Task details: Restate word for word the lines in the listing below, starting at the line containing "pose proof (Htri (Nat.iter (nj j) f (s" and ending at the line containing "assert (Hstep : forall", both included; leave out the rest.

Data records:
——————————
Lemma return_times_pointwise (s : nat -> M) (nj : nat -> nat) :
  (forall x eps, 0 < eps -> exists i, d x (s i) < eps) ->
  (forall j, (1 <= nj j)%nat) ->
  (forall j i, (i <= j)%nat -> d (Nat.iter (nj j) f (s i)) (s i) <= / INR (S j)) ->
  forall y delta, 0 < delta ->
    exists J, forall j, (J <= j)%nat -> d (Nat.iter (nj j) f y) y <= delta.
Proof.
  intros Hs Hpos Hret y delta Hdelta. pose proof Hmet as [_ [_ [Hsym Htri]]].
  set (a := delta / (C + 2)).
  assert (Ha : 0 < a) by (unfold a; apply Rdiv_lt_0_compat; lra).
  assert (HaC : a * (C + 2) = delta) by (unfold a; field; lra).
  destruct (Hs y a Ha) as [i Hi].
  destruct (archimed_cor1 a Ha) as [J0 [HJ0 HJ0pos]].
  exists (Nat.max i J0). intros j Hj.
  pose proof (Hret j i ltac:(lia)) as H1.
  assert (H2 : / INR (S j) <= / INR J0).
  { apply Rinv_le_contravar; [apply lt_0_INR; lia | apply le_INR; lia]. }
  pose proof (iter_lip (nj j) (Hpos j) y (s i)) as H3.
  pose proof (Htri (Nat.iter (nj j) f y) (Nat.iter (nj j) f (s i)) y).
  pose proof (Htri (Nat.iter (nj j) f (s i)) (s i) y).
  rewrite (Hsym (s i) y) in *. nra.
Qed.

End PowerBounded.

Lemma diagonal_return_times {M : Type} (d : M -> M -> R) (x0 : M) (f : M -> M) (s : nat -> M) :
  is_metric d -> f x0 = x0 -> R_hatf_interior_nonempty d x0 f ->
  exists nj : nat -> nat, (forall j, (nj j < nj (S j))%nat) /\ (forall j, (1 <= nj j)%nat) /\
    forall j i, (i <= j)%nat -> d (Nat.iter (nj j) f (s i)) (s i) <= / INR (S j).
Proof.
  intros Hmet Hf0 Hint.
  assert (Hstep : forall j N : nat, {n : nat | (N <= n)%nat /\
            forall i, (i <= j)%nat -> d (Nat.iter n f (s i)) (s i) <= / INR (S j)}).
  { intros j N. apply constructive_indefinite_description.
    assert (Hpos : 0 < / INR (S j)) by (apply Rinv_0_lt_compat, lt_0_INR; lia).
    destruct (joint_recurrence d x0 f Hmet Hf0 Hint (map s (seq 0 (S j))) _ N Hpos)
      as [n [Hn Hx]].
    exists n. split; auto. intros i Hi. apply Hx, in_map, in_seq. lia. }
  set (nj := fix nj (j : nat) : nat :=
         match j with
         | O => proj1_sig (Hstep O 1%nat)
         | S j' => proj1_sig (Hstep (S j') (S (nj j')))
         end).
  assert (Hinc : forall j, (S (nj j) <= nj (S j))%nat)
    by (intros j; exact (proj1 (proj2_sig (Hstep (S j) (S (nj j)))))).
  exists nj. split; [|split].
  - intros j. specialize (Hinc j). lia.
  - intros [|j]; [exact (proj1 (proj2_sig (Hstep 0%nat 1%nat))) | specialize (Hinc j); lia].
  - intros [|j] i Hi; [exact (proj2 (proj2_sig (Hstep 0%nat 1%nat)) i Hi)|].
    exact (proj2 (proj2_sig (Hstep (S j) (S (nj j)))) i Hi).
Qed.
——————————
Written reply:
  pose proof (Htri (Nat.iter (nj j) f (s i)) (s i) y).
  rewrite (Hsym (s i) y) in *. nra.
Qed.

End PowerBounded.

Lemma diagonal_return_times {M : Type} (d : M -> M -> R) (x0 : M) (f : M -> M) (s : nat -> M) :
  is_metric d -> f x0 = x0 -> R_hatf_interior_nonempty d x0 f ->
  exists nj : nat -> nat, (forall j, (nj j < nj (S j))%nat) /\ (forall j, (1 <= nj j)%nat) /\
    forall j i, (i <= j)%nat -> d (Nat.iter (nj j) f (s i)) (s i) <= / INR (S j).
Proof.
  intros Hmet Hf0 Hint.
  assert (Hstep : forall j N : nat, {n : nat | (N <= n)%nat /\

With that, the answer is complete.